With the above approach, we can determine the statistical power for a given number of cells. To assess the statistical power for experiments whose number of cells exceeds that of the pilot dataset, we can use the properties of VAEs and generate synthetic data. Using the generated data that exceeds the size of the original dataset, we can then re-apply the algorithm to obtain the statistical power for the enlarged dataset. Finally, we can continue this procedure until achieving adequate statistical power.

### Experimental setup

To test scVIDE, we used the following setup. First, we trained the algorithm on varying sizes of the original small pilot data sets n = (64, 128, 192, 256, 320, 384, 768, 1152, 1536). Here, we arrived at the small pilot data sets by randomly subsampling cells from the original larger data. Note that when we refer to pilot data sets in the following, we mean smaller subsamples of the original data that are assumed to represent pilot data (**Figure 2 A**). Based on the trained models, we then generated synthetic data, first in the size of the input pilot data set and then by synthetically increasing the sample size 2-fold, 3-fold, 4-fold, and 5-fold. For example, after training the model on 384 cells, we would generate 384, 768, 1152, 1536, and 1920 synthetic cells (**Figure 2 B**). Additionally, for each pilot data set, we sample 64 cells and generate the same amount of synthetic cells using scVI. Next, we train scVI on the 64 cells to estimate each cell’s ELBO based on the correlation structure provided by the synthetic data. To create the null distribution of ELBO estimates, we would use jackstraw sampling on a small fraction, say ten cells, of the 64 cells and train scVI on the permuted data set. Repeating this procedure 100 times, we could therefore estimate the ELBO of 1000 uninformative cells. We can then use the resulting distribution of ELBO estimates—stemming from uninformative cells— as a baseline to quantify the contribution of a potentially informative cell to the ELBO. Hence, we always compare ELBOs from the larger data sets to that of the small 64-cell pilot data, limiting computational complexity. We only apply scVIDE to synthetic data because, in reality, we would have only a small pilot data set at hand. Synthetic data can be seen as a noisier version of the original data. Hence, we expect statistical power derived from synthetic data to give a lower bound for the original data. Next, we applied scVIDE to each synthetic data set and estimated the statistical power for each sample size. For the jackstraw sampling, we have set the proportion of permuted cells to s = 10% and trained B = 100 networks based on the permuted data. In a sensitivity analysis, we show that our model is robust to the choice of the hyperparameter (see **Supplementary Figure 2**).

## Results

We applied scVIDE to five data sets representing different experimental protocols and tissues. Specifically, we use a data set from the cortex of mouse brains [28], which we refer to as *Tasic data* throughout this work. In addition, we use a data set of peripheral blood mononuclear cells (PBMCs) from a healthy donor [29], where we refer to this data set as *PBMC3k*. We additionally examine a Smart-seq2 data set (*Nestorowa data*). This data set consists of mouse hematopoietic stem cells (HSC) [30].

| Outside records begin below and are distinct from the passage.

(* The polynomials in $S(\mathfrak h)^{W_I}$ separate the points $\widetilde\lambda$, $\lambda\in P_I^+$: for all $\lambda\neq\lambda'$ in $P_I^+$ there exists $q\in S(\mathfrak h)^{W_I}$ with $q(\widetilde\lambda)\neq q(\widetilde{\lambda'})$.
   Context: Let $\mathfrak a$ be a Euclidean space with inner product $(\cdot,\cdot)$, $\mathfrak h=\mathfrak a\otimes\mathbb C$, and $S(\mathfrak h)$ the symmetric algebra, viewed as polynomial functions on $\mathfrak h^*$. Let $R\subset\mathfrak a^*$ be a root system with Weyl group $W$ (acting on $\mathfrak h$ and $S(\mathfrak h)$), positive roots $R^+$, simple reflections $S$. Let $P$ be the weight lattice, $P^+$ the dominant weights and $P^-=-P^+$. Let $k=(k_\alpha)_{\alpha\in R}$ be a $W$-invariant multiplicity function with $k_\alpha\ge0$ and $\rho(k)=\frac12\sum_{\alpha\in R^+}k_\alpha\alpha$. For $\lambda\in P$ let $v(\lambda)$ be the minimal length element of $W$ with $v(\lambda)\lambda\in P^-$ and $\widetilde\lambda=\lambda-v(\lambda)^{-1}\rho(k)$. Let $I\subset S$, $W_I$ the parabolic subgroup generated by $I$, $R_I^+$ its positive roots and $P_I^+=\{\lambda\in P:(\lambda,\alpha)\ge0\ \forall\alpha\in R_I^+\}$. *)

(* root systems in a^* = 'rV[R]_n (R real closed field),
   polynomials S(h) = {mpoly C[n]} (complex coefficients). *)
From HB Require Import structures.
From mathcomp Require Import all_boot all_order all_algebra.
From mathcomp Require Import complex mpoly.
Set Implicit Arguments. Unset Strict Implicit. Unset Printing Implicit Defensive.
Import Order.TTheory GRing.Theory Num.Theory.
Local Open Scope ring_scope.

Section RootSystems.
Variables (R : rcfType) (n : nat).
Local Notation V := 'rV[R]_n.
Local Notation C := (complex R).

Definition dotv (u v : V) : R := (u *m v^T) 0 0.

(* reflection s_a : x |-> x - 2(x,a)/(a,a) a, acting on row vectors x |-> x *m refl_mx a *)
Definition refl_mx (a : V) : 'M[R]_n := 1%:M - (2 / dotv a a) *: (a^T *m a).

Definition is_integer (x : R) : Prop := exists z : int, x = z%:~R.

Definition coroot_pairing (b a : V) : R := 2 * dotv b a / dotv a a.

(* crystallographic (possibly non-reduced) root system, finite, spanning *)
Definition root_system (Rt : seq V) : Prop :=
  [/\ uniq Rt, 0 \notin Rt, <<Rt>>%VS = fullv,
      (forall a b, a \in Rt -> b \in Rt -> b *m refl_mx a \in Rt) &
      (forall a b, a \in Rt -> b \in Rt -> is_integer (coroot_pairing b a))].

Definition regular (Rt : seq V) (z : V) : Prop := forall a, a \in Rt -> dotv a z != 0.

Definition pos_roots (Rt : seq V) (z : V) : seq V := [seq a <- Rt | 0 < dotv a z].

Definition simple_rootb (Rt : seq V) (z : V) (a : V) : bool :=
  (a \in pos_roots Rt z) &&
  ~~ has (fun b => has (fun c => a == b + c) (pos_roots Rt z)) (pos_roots Rt z).

(* the element s_{a1} o ... o s_{ak} of W for the word [:: a1; ...; ak] *)
Definition word_mx (ws : seq V) : 'M[R]_n := foldr (fun a M => M *m refl_mx a) 1%:M ws.

Definition in_W (Rt : seq V) (w : 'M[R]_n) : Prop :=
  exists ws, (forall a, a \in ws -> a \in Rt) /\ w = word_mx ws.

Definition multiplicity (Rt : seq V) (k : V -> R) : Prop :=
  forall w a, in_W Rt w -> a \in Rt -> k (a *m w) = k a.

Definition weight (Rt : seq V) (lam : V) : Prop :=
  forall a, a \in Rt -> is_integer (coroot_pairing lam a).

Definition dom_weight (Rt : seq V) (z : V) (lam : V) : Prop :=
  weight Rt lam /\ forall a, a \in pos_roots Rt z -> 0 <= dotv lam a.

Definition antidom_weight (Rt : seq V) (z : V) (lam : V) : Prop :=
  dom_weight Rt z (- lam).

Definition rho (Rt : seq V) (z : V) (k : V -> R) : V :=
  2^-1 *: \sum_(a <- pos_roots Rt z) k a *: a.

(* w is the minimal length element v(lam) of W with w lam in P^-;
   length is measured by words in the simple reflections *)
Definition is_v (Rt : seq V) (z : V) (lam : V) (w : 'M[R]_n) : Prop :=
  exists ws, [/\ all (simple_rootb Rt z) ws, w = word_mx ws,
    antidom_weight Rt z (lam *m w) &
    forall ws', all (simple_rootb Rt z) ws' ->
      antidom_weight Rt z (lam *m word_mx ws') -> (size ws <= size ws')%N].

Definition is_tilde (Rt : seq V) (z : V) (k : V -> R) (lam mu : V) : Prop :=
  exists w, is_v Rt z lam w /\ mu = lam - rho Rt z k *m invmx w.

Definition in_WI (I : seq V) (w : 'M[R]_n) : Prop :=
  exists ws, all (mem I) ws /\ w = word_mx ws.

Definition dom_weight_I (Rt : seq V) (z : V) (I : seq V) (lam : V) : Prop :=
  weight Rt lam /\
  forall a, a \in pos_roots Rt z -> a \in <<I>>%VS -> 0 <= dotv lam a.

Definition toC (x : V) : 'rV[C]_n := map_mx (real_complex R) x.
Definition toC_mx (w : 'M[R]_n) : 'M[C]_n := map_mx (real_complex R) w.

Definition peval (q : {mpoly C[n]}) (x : 'rV[C]_n) : C := meval (fun i => x 0 i) q.

(* q in S(h)^{W_I}: (w.q)(x) = q(w^{-1} x) equals q(x) for all w in W_I, x in h^* *)
Definition WI_invariant (I : seq V) (q : {mpoly C[n]}) : Prop :=
  forall w, in_WI I w -> forall x : 'rV[C]_n,
    peval q (x *m invmx (toC_mx w)) = peval q x.

End RootSystems.

(* The W_I-orbit S of λ~ is finite, so q(x) = Π_{s ∈ S} Σ_i (x_i - s_i)^2 is a
   W_I-invariant polynomial vanishing at λ~ and at no real point outside S.  It
   remains to see that λ'~ is not in W_I λ~.  Let y = v(λ)λ and y' = v(λ')λ', both
   antidominant.  If u λ~ = λ'~ with u in W, then g = v(λ') u v(λ)^-1 maps
   ρ(k) - y to ρ(k) - y', and both are dominant because k >= 0 makes ρ(k)
   dominant.  An element of W carrying a dominant vector to a dominant one is a
   product of simple reflections fixing that vector, so g fixes ρ(k) - y and
   also y, which is orthogonal to the same simple roots.  Hence y = y' and
   u λ = λ'.  For u in W_I the same fact inside W_I, applied to the I-dominant
   λ and u λ = λ', gives λ = λ'. *)

From HB Require Import structures.
From mathcomp Require Import all_boot all_order all_algebra.
From mathcomp Require Import complex mpoly.
From mathcomp.algebra_tactics Require Import ring lra.
From mathcomp Require Import zify.
From Stdlib Require Import Classical.
Set Implicit Arguments. Unset Strict Implicit. Unset Printing Implicit Defensive.
Import Order.TTheory GRing.Theory Num.Theory.
Local Open Scope ring_scope.

(** * The inner product and reflections *)

Section InnerProduct.
Variables (R : rcfType) (n : nat).
Local Notation V := 'rV[R]_n.

Lemma dotvE (u v : V) : dotv u v = \sum_j u 0 j * v 0 j.
Proof. by rewrite /dotv mxE; apply: eq_bigr => j _; rewrite mxE. Qed.

Lemma dotvC (u v : V) : dotv u v = dotv v u.
Proof. by rewrite !dotvE; apply: eq_bigr => j _; rewrite mulrC. Qed.

Lemma dotvDl (u v w : V) : dotv (u + v) w = dotv u w + dotv v w.
Proof. by rewrite /dotv mulmxDl mxE. Qed.

Lemma dotvZl c (u w : V) : dotv (c *: u) w = c * dotv u w.
Proof. by rewrite /dotv -scalemxAl mxE. Qed.

Lemma dotvNl (u w : V) : dotv (- u) w = - dotv u w.
Proof. by rewrite /dotv mulNmx mxE. Qed.

Lemma dotvBl (u v w : V) : dotv (u - v) w = dotv u w - dotv v w.
Proof. by rewrite dotvDl dotvNl. Qed.

Lemma dotvZr c (u w : V) : dotv w (c *: u) = c * dotv w u.
Proof. by rewrite !(dotvC w) dotvZl. Qed.

Lemma dotvBr (u v w : V) : dotv w (u - v) = dotv w u - dotv w v.
Proof. by rewrite !(dotvC w) dotvBl. Qed.

Lemma dotv0r (w : V) : dotv w 0 = 0.
Proof. by rewrite /dotv trmx0 mulmx0 mxE. Qed.

Lemma dotv_suml (I : Type) (s : seq I) (P : pred I) (F : I -> V) w :
  dotv (\sum_(i <- s | P i) F i) w = \sum_(i <- s | P i) dotv (F i) w.
Proof. by rewrite /dotv mulmx_suml summxE. Qed.

Lemma dotv_sumr (I : Type) (s : seq I) (P : pred I) (F : I -> V) w :
  dotv w (\sum_(i <- s | P i) F i) = \sum_(i <- s | P i) dotv w (F i).
Proof. by rewrite dotvC dotv_suml; apply: eq_bigr => i _; rewrite dotvC. Qed.

Lemma dotv_ge0 (u : V) : 0 <= dotv u u.
Proof. by rewrite dotvE sumr_ge0 // => j _; rewrite -expr2 sqr_ge0. Qed.

Lemma dotv_eq0 (u : V) : (dotv u u == 0) = (u == 0).
Proof.
apply/idP/eqP => [|->]; last by rewrite dotv0r.
rewrite dotvE psumr_eq0 => [/allP u0|j _]; last by rewrite -expr2 sqr_ge0.
apply/rowP => j; rewrite mxE.
by apply/eqP; rewrite -sqrf_eq0 expr2; apply: u0; rewrite mem_index_enum.
Qed.

Lemma dotv_gt0 (u : V) : u != 0 -> 0 < dotv u u.
Proof. by move=> u0; rewrite lt_def dotv_eq0 u0 dotv_ge0. Qed.

Lemma dotv_mulmx (u v : V) (M : 'M[R]_n) : dotv (u *m M) v = dotv u (v *m M^T).
Proof. by rewrite /dotv trmx_mul trmxK mulmxA. Qed.

Lemma dotv_orthmx (W : 'M[R]_n) (u v : V) :
  W *m W^T = 1%:M -> dotv (u *m W) (v *m W) = dotv u v.
Proof. by move=> WWt; rewrite dotv_mulmx -mulmxA WWt mulmx1. Qed.

End InnerProduct.

Lemma invmx_orthmx (F : comUnitRingType) n (W : 'M[F]_n) :
  W *m W^T = 1%:M -> invmx W = W^T.
Proof.
move=> WWt; have [Wu _] := mulmx1_unit WWt.
by rewrite -[invmx W]mulmx1 -WWt mulmxA mulVmx // mul1mx.
Qed.

Section Reflections.
Variables (R : rcfType) (n : nat).
Local Notation V := 'rV[R]_n.

Lemma row_mx_ext (A B : 'M[R]_n) : (forall x : V, x *m A = x *m B) -> A = B.
Proof. by move=> AB; apply/row_matrixP => i; rewrite !rowE AB. Qed.

Lemma refl_mxE (a x : V) : x *m refl_mx a = x - coroot_pairing x a *: a.
Proof.
rewrite /refl_mx mulmxBr mulmx1 -scalemxAr mulmxA [x *m a^T]mx11_scalar.
rewrite mul_scalar_mx scalerA /coroot_pairing /dotv; congr (_ - _ *: _); ring.
Qed.

Lemma trmx_refl (a : V) : (refl_mx a)^T = refl_mx a.
Proof. by rewrite /refl_mx linearB /= linearZ /= trmx1 trmx_mul trmxK. Qed.

Lemma dotv_refl (a x : V) : dotv (x *m refl_mx a) a = - dotv x a.
Proof.
have [->|a0] := eqVneq a 0; first by rewrite !dotv0r oppr0.
rewrite refl_mxE dotvBl dotvZl /coroot_pairing mulfVK ?dotv_eq0 //; ring.
Qed.

Lemma refl_mx_fix (a x : V) : dotv x a = 0 -> x *m refl_mx a = x.
Proof. by move=> xa; rewrite refl_mxE /coroot_pairing xa mulr0 mul0r scale0r subr0. Qed.

Lemma refl_mxK (a : V) : a != 0 -> refl_mx a *m refl_mx a = 1%:M.
Proof.
move=> a0; apply: row_mx_ext => x; rewrite mulmx1 mulmxA (refl_mxE a (x *m _)).
by rewrite /coroot_pairing dotv_refl refl_mxE mulrN mulNr scaleNr opprK subrK.
Qed.

Lemma refl_mx_self (a : V) : a != 0 -> a *m refl_mx a = - a.
Proof.
move=> a0; rewrite refl_mxE /coroot_pairing mulfK ?dotv_eq0 //.
by rewrite scaler_nat mulr2n opprD addrA subrr sub0r.
Qed.

Lemma refl_mxZ (a : V) c : c != 0 -> refl_mx (c *: a) = refl_mx a.
Proof.
move=> c0; apply: row_mx_ext => x; rewrite !refl_mxE /coroot_pairing.
have [->|a0] := eqVneq a 0; first by rewrite !scaler0.
rewrite !dotvZl !dotvZr scalerA; congr (_ - _ *: _).
by field; rewrite dotv_eq0 a0 c0.
Qed.

Lemma refl_mx_conj (W : 'M[R]_n) (b : V) :
  W *m W^T = 1%:M -> refl_mx b *m W = W *m refl_mx (b *m W).
Proof.
move=> WWt; apply: row_mx_ext => x.
by rewrite !mulmxA !refl_mxE /coroot_pairing !dotv_orthmx // mulmxBl scalemxAl.
Qed.

Lemma word_mx_cat (ws1 ws2 : seq V) :
  word_mx (ws1 ++ ws2) = word_mx ws2 *m word_mx ws1.
Proof. by elim: ws1 => [|a ws1 IH] /=; rewrite ?mulmx1 // IH mulmxA. Qed.

Lemma word_mx_rcons (ws : seq V) b : word_mx (rcons ws b) = refl_mx b *m word_mx ws.
Proof. by rewrite -cats1 word_mx_cat /= mul1mx. Qed.

Lemma trmx_word_mx (ws : seq V) : (word_mx ws)^T = word_mx (rev ws).
Proof.
elim: ws => [|a ws IH] /=; first by rewrite trmx1.
by rewrite trmx_mul IH trmx_refl rev_cons word_mx_rcons.
Qed.

Lemma word_mx_orth (ws : seq V) : all (fun a => a != 0) ws ->
  word_mx ws *m (word_mx ws)^T = 1%:M.
Proof.
elim: ws => [|a ws IH] /=; first by rewrite trmx1 mulmx1.
case/andP=> a0 /IH WWt; rewrite trmx_mul trmx_refl mulmxA.
by rewrite -(mulmxA (word_mx ws)) refl_mxK // mulmx1.
Qed.

End Reflections.

(** * Positive and simple roots *)

Lemma sub_count_lt (T : eqType) (p1 p2 : pred T) (s : seq T) x :
  subpred p1 p2 -> x \in s -> p2 x -> ~~ p1 x -> (count p1 s < count p2 s)%N.
Proof.
move=> p12; elim: s => [//|y s IH] /=; rewrite inE => /predU1P[<-|xs] p2x p1x.
  by rewrite p2x (negbTE p1x) add0n add1n ltnS sub_count.
by rewrite -addnS leq_add ?IH //; case: (p1 y) (p12 y) => // ->.
Qed.

Lemma perm_map_self (T : eqType) (f : T -> T) (s : seq T) :
  uniq s -> injective f -> {in s, forall x, f x \in s} -> perm_eq (map f s) s.
Proof.
move=> s_uniq f_inj fs; have fs_uniq : uniq (map f s) by rewrite map_inj_uniq.
apply: uniq_perm => //; apply: (uniq_min_size fs_uniq _ _).2; rewrite ?size_map //.
by move=> _ /mapP[x xs ->]; apply: fs.
Qed.

Section RootSystem.
Variables (R : rcfType) (n : nat) (Rt : seq 'rV[R]_n) (z : 'rV[R]_n).
Hypothesis HR : root_system Rt.
Hypothesis Hz : regular Rt z.
Local Notation V := 'rV[R]_n.
Local Notation P := (pos_roots Rt z).
Local Notation simple := (simple_rootb Rt z).

Lemma root_neq0 a : a \in Rt -> a != 0.
Proof. by case: HR => _ Rt0 _ _ _ aR; apply: contraNneq Rt0 => <-. Qed.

For these three data sets, we have computed a theoretical bound based on the cumulative distribution function (CDF) of the negative binomial distribution as proposed by [18]. This bound estimates the number of cells that need to be sampled to detect a minimum amount of cells from each cell type. Since the approach assumes that the population of cells is dominated by one cell type, detection of less abundant cell types will be more challenging, which leads to higher estimates for the necessary number of cells. Also, this theoretical approach does not take technical or biological factors into account [21]. Therefore, we expect scVIDE to provide higher statistical power for smaller sample sizes, and we treat the CDF-derived sample size estimates as an upper bound. We derived the input parameters for the expected number of cell types, the minimum fraction of the rarest cell type, and the minimum of the desired number of cells per type from the original publications (**Supplementary Table 2**).

Furthermore, we use two kidney data sets. First, to investigate the effects of different numbers of genes on learned latent representations, we consider a single-nucleus RNA sequencing (snRNA-seq) data set from the healthy mouse kidney, which we call *Wu data set* [31]. Also, we use snRNA-seq data from the Kidney Precision Medicine Project (KPMP) [32] to demonstrate the properties of scVIDE for power calculations in sub-clustering tasks. We refer to this data set as *KPMP data*. All data sets are publicly available.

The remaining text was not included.